(* Let $n \ge 2$ and let $T$ be a triangulation of the cyclic polytope $C = C(n+2,3)$, whose vertices are labelled $0,1,\dots,n+1$. Let $\{v,w\} \in F_1(T) \setminus F_1(C)$ be an internal edge with $v < w$. Then there are vertices $a, b, c$ of $C$ with $a < v < b < w < c$ such that $\{\{v,w,a\},\{v,w,b\},\{v,w,c\}\} \subseteq F_2(T)$.
   Context: The cyclic polytope $C(n+2,3)$ is the convex hull of $n+2$ points $\mu_3(t_0),\dots,\mu_3(t_{n+1})$ on the moment curve $\mu_3(t)=(t,t^2,t^3)$ with $t_0<t_1<\dots<t_{n+1}$; its vertices are labelled $0,1,\dots,n+1$ in this order, and faces are identified with their vertex sets. Its edges are $F_1(C)=\{\{0,n+1\},\{0,i\},\{i,n+1\},\{i,i+1\} : 0<i<n+1\}$ and its 2-faces are $F_2(C)=\{\{0,i,i+1\},\{i-1,i,n+1\} : 0<i<n+1\}$. A triangulation of $C$ is a set $T$ of 3-simplices (4-element subsets of $\{0,\dots,n+1\}$) such that the union of their convex hulls is $C$ and any two of them intersect in a common (possibly empty) face. For a triangulation $T$, $F_1(T)$ is the set of 2-element subsets contained in some simplex of $T$, and $F_2(T)$ is the set of 3-element subsets contained in some simplex of $T$. *)

From HB Require Import structures.
From mathcomp Require Import all_boot all_order all_algebra.
From mathcomp Require Import reals.
Set Implicit Arguments. Unset Strict Implicit. Unset Printing Implicit Defensive.
Import Order.TTheory GRing.Theory Num.Theory.
Local Open Scope ring_scope.

Definition moment3 {R : realType} (x : R) : 'rV[R]_3 := \row_(i < 3) x ^+ i.+1.

(* Vertex labels 0..n+1 are 'I_(n+2); t i is the parameter of vertex i. *)
Definition strictly_increasing {R : realType} {m : nat} (t : 'I_m -> R) : Prop :=
  forall i j : 'I_m, (i < j)%N -> t i < t j.

Definition conv {R : realType} {m : nat} (t : 'I_m -> R) (S : {set 'I_m})
  (x : 'rV[R]_3) : Prop :=
  exists lam : 'I_m -> R,
    [/\ forall i, 0 <= lam i,
        forall i, i \notin S -> lam i = 0,
        \sum_(i < m) lam i = 1
      & x = \sum_(i < m) lam i *: moment3 (t i)].

Definition cyclic_polytope {R : realType} {m : nat} (t : 'I_m -> R) :=
  conv t setT.

Definition triangulation {R : realType} {m : nat} (t : 'I_m -> R)
  (T : {set {set 'I_m}}) : Prop :=
  [/\ forall s, s \in T -> #|s| = 4%N,
      forall x, cyclic_polytope t x <-> exists2 s, s \in T & conv t s x
    & forall s1 s2, s1 \in T -> s2 \in T ->
        exists2 r : {set 'I_m}, r \subset s1 :&: s2 &
          forall x, (conv t s1 x /\ conv t s2 x) <-> conv t r x].

Definition F1T {m : nat} (T : {set {set 'I_m}}) (e : {set 'I_m}) : Prop :=
  #|e| = 2%N /\ exists2 s, s \in T & e \subset s.
Definition F2T {m : nat} (T : {set {set 'I_m}}) (f : {set 'I_m}) : Prop :=
  #|f| = 3%N /\ exists2 s, s \in T & f \subset s.

Definition F1C (n : nat) (e : {set 'I_(n.+2)}) : Prop :=
  exists i j : 'I_(n.+2), e = [set i; j] /\
    [\/ (val i = 0 /\ val j = n.+1)%N,
        (val i = 0 /\ 0 < val j < n.+1)%N,
        (0 < val i < n.+1 /\ val j = n.+1)%N
      | (0 < val i < n.+1 /\ val j = (val i).+1)%N].

(* A polynomial P of degree at most 3 is the restriction to the moment curve
   of an affine function on R^3, and the barycentric coordinates of a point in
   a 3-simplex spanned by moment-curve points are the Lagrange interpolation
   weights.  Let P vanish at t_v and t_w and be negative at some vertex z.
   Push the midpoint p of the edge vw slightly towards z: the pushed point lies
   in a simplex s of T, and for a small enough push p lies in s as well.  As p
   is interior to the edge vw of a simplex of T, s contains v and w.  P is
   negative at the pushed point, hence at some vertex x of s, and {v, w, x} is
   a 2-face of T.  The polynomials (X - t_w)^2 (X - t_v), (X - t_v)(X - t_w)
   and -(X - t_v)^2 (X - t_w) place x before v, between v and w, and after w. *)

From mathcomp Require Import all_boot all_order all_algebra.
From mathcomp Require Import reals lra zify.
Set Implicit Arguments. Unset Strict Implicit. Unset Printing Implicit Defensive.
Import Order.TTheory GRing.Theory Num.Theory.
Local Open Scope ring_scope.

Section RealFacts.
Variable R : realFieldType.
Implicit Types a b x : R.

Lemma exists_pos_lbound (I : finType) (f : I -> R) :
  (forall i, 0 < f i) -> exists2 e, 0 < e <= 1 & forall i, e <= f i.
Proof.
move=> f_gt0; pose S := \sum_i (f i)^-1.
have S_ge0 : 0 <= S by apply: sumr_ge0 => i _; rewrite invr_ge0 ltW.
exists (1 + S)^-1; first by rewrite invr_gt0 invf_le1; lra.
move=> i; rewrite -[f i]invrK lef_pV2 ?posrE ?invr_gt0 ?f_gt0 //; last by lra.
rewrite /S (bigD1 i) //=; suff : 0 <= \sum_(j | j != i) (f j)^-1 by lra.
by apply: sumr_ge0 => j _; rewrite invr_ge0 ltW.
Qed.

Lemma exists_small_perturbation (I : finType) (a b : I -> R) :
  exists2 e, 0 < e <= 1 & forall i, a i < 0 -> (1 - e) * a i + e * b i < 0.
Proof.
pose f i := if a i < 0 then - a i / (`|b i - a i| + 1) else 1.
have f_gt0 i : 0 < f i.
  rewrite /f; case: ifP => // ai_lt0.
  by apply: divr_gt0; [rewrite oppr_gt0 | apply: ltr_wpDl].
have [e e01 e_le] := exists_pos_lbound f_gt0.
exists e => // i ai_lt0; have := e_le i; rewrite /f ai_lt0 ler_pdivlMr.
  by have := ler_norm (b i - a i); nra.
by apply: ltr_wpDl.
Qed.

Lemma sqr_mul_lt0_before a b x : a < b -> ((x - b) ^+ 2 * (x - a) < 0) = (x < a).
Proof.
move=> ab; have [-> | xb] := eqVneq x b.
  by rewrite subrr expr0n mul0r ltxx ltNge ltW.
by rewrite pmulr_rlt0 ?subr_lt0 // exprn_even_gt0 // subr_eq0.
Qed.

Lemma mul_lt0_between a b x : a < b -> ((x - a) * (x - b) < 0) = (a < x < b).
Proof.
move=> ab; apply/idP/andP => [|[]]; last by nra.
by case: (ltP a x); case: (ltP x b); nra.
Qed.

Lemma sqr_mul_gt0_after a b x : a < b -> (0 < (x - a) ^+ 2 * (x - b)) = (b < x).
Proof.
move=> ab; have [-> | xa] := eqVneq x a.
  by rewrite subrr expr0n mul0r ltxx ltNge ltW.
by rewrite pmulr_rgt0 ?subr_gt0 // exprn_even_gt0 // subr_eq0.
Qed.

End RealFacts.

Lemma F2T_of_simplex m (T : {set {set 'I_m}}) s (v w x : 'I_m) :
  s \in T -> v \in s -> w \in s -> x \in s -> v != w -> v != x -> w != x ->
  F2T T [set v; w; x].
Proof.
move=> sT vs ws xs vw vx wx; split.
  by rewrite setUC cardsU1 cards2 !inE vw eq_sym (negPf vx) eq_sym (negPf wx).
by exists s => //; apply/subsetP => y; rewrite !inE => /orP[/orP[]|] /eqP ->.
Qed.

Section MomentCurve.
Variable R : realType.

Definition aff_poly (P : {poly R}) (X : 'rV[R]_3) : R :=
  P`_0 + \sum_(k < 3) P`_k.+1 * X ord0 k.

Lemma aff_poly_moment (P : {poly R}) x :
  (size P <= 4)%N -> aff_poly P (moment3 x) = P.[x].
Proof.
move=> sP; rewrite (horner_coef_wide _ sP) big_ord_recl /aff_poly expr0 mulr1.
by congr (_ + _); apply: eq_bigr => k _; rewrite mxE.
Qed.

Lemma aff_poly_comb (I : finType) (P : {poly R}) (lam : I -> R)
    (Y : I -> 'rV[R]_3) :
  \sum_i lam i = 1 ->
  aff_poly P (\sum_i lam i *: Y i) = \sum_i lam i * aff_poly P (Y i).
Proof.
move=> lam1; rewrite /aff_poly.
under [RHS]eq_bigr do rewrite mulrDr.
rewrite big_split /= -mulr_suml lam1 mul1r; congr (_ + _).
under eq_bigr do rewrite summxE mulr_sumr.
rewrite exchange_big /=; apply: eq_bigr => i _; rewrite mulr_sumr.
by apply: eq_bigr => k _; rewrite mxE mulrCA.
Qed.

Lemma aff_poly_comb2 (P : {poly R}) e X Y :
  aff_poly P ((1 - e) *: X + e *: Y) = (1 - e) * aff_poly P X + e * aff_poly P Y.
Proof.
have := @aff_poly_comb bool P (fun i => if i then 1 - e else e)
  (fun i => if i then X else Y).
by rewrite !big_bool /=; apply; rewrite subrK.
Qed.

Lemma aff_poly_sum (I : finType) (c : I -> R) (Q : I -> {poly R}) X :
  aff_poly (\sum_i c i *: Q i) X = \sum_i c i * aff_poly (Q i) X.
Proof.
rewrite /aff_poly coef_sum.
under [RHS]eq_bigr do rewrite mulrDr.
rewrite big_split /=; congr (_ + _); first by apply: eq_bigr => i _; rewrite coefZ.
under eq_bigr do rewrite coef_sum mulr_suml.
rewrite exchange_big /=; apply: eq_bigr => i _; rewrite mulr_sumr.
by apply: eq_bigr => k _; rewrite coefZ mulrA.
Qed.

Section Convexity.
Variables (m : nat) (t : 'I_m -> R).

Lemma conv_vertex (S : {set 'I_m}) i : i \in S -> conv t S (moment3 (t i)).
Proof.
move=> iS; exists (fun j => (j == i)%:R); split.
- by move=> j; rewrite ler0n.
- by move=> j jS; case: eqP jS => // ->; rewrite iS.
- by rewrite (bigD1 i) //= eqxx big1 ?addr0 // => j /negbTE ->.
- rewrite (bigD1 i) //= eqxx scale1r big1 ?addr0 // => j /negbTE ->.
  by rewrite scale0r.
Qed.

Lemma conv_comb2 (S : {set 'I_m}) X Y (e : R) : 0 <= e <= 1 ->
  conv t S X -> conv t S Y -> conv t S ((1 - e) *: X + e *: Y).
Proof.
move=> /andP[e_ge0 e_le1] [lX [lX_ge0 lX_out lX1 ->]] [lY [lY_ge0 lY_out lY1 ->]].
exists (fun i => (1 - e) * lX i + e * lY i); split.
- by move=> i; apply: addr_ge0; apply: mulr_ge0 => //; lra.
- by move=> i iS; rewrite lX_out ?lY_out // !mulr0 addr0.
- by rewrite big_split /= -!mulr_sumr lX1 lY1; lra.
- rewrite !scaler_sumr -big_split /=; apply: eq_bigr => i _.
  by rewrite [RHS]scalerDl !scalerA.
Qed.

Lemma conv_aff_poly_lt0 (S : {set 'I_m}) (P : {poly R}) X :
  (size P <= 4)%N -> conv t S X -> aff_poly P X < 0 ->
  exists2 x, x \in S & P.[t x] < 0.
Proof.
move=> sP [lam [lam_ge0 lam_out lam1 ->]].
rewrite aff_poly_comb //; under eq_bigr do rewrite aff_poly_moment //.
move=> sum_lt0; have [x lamP_lt0] : exists x, lam x * P.[t x] < 0.
  apply/existsP; apply: contraLR sum_lt0 => /existsPn lamP_ge0.
  by rewrite -leNgt; apply: sumr_ge0 => i _; rewrite leNgt lamP_ge0.
exists x.
  by apply: contraLR lamP_lt0 => /lam_out ->; rewrite mul0r ltxx.
by rewrite ltNge; apply: contraTN lamP_lt0 => /(mulr_ge0 (lam_ge0 x)); rewrite leNgt.
Qed.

* [Your assignment]:
Look through the lines above and collect those with the word "last".

* [Your solution]:
move=> i; rewrite -[f i]invrK lef_pV2 ?posrE ?invr_gt0 ?f_gt0 //; last by lra.
move=> ab; apply/idP/andP => [|[]]; last by nra.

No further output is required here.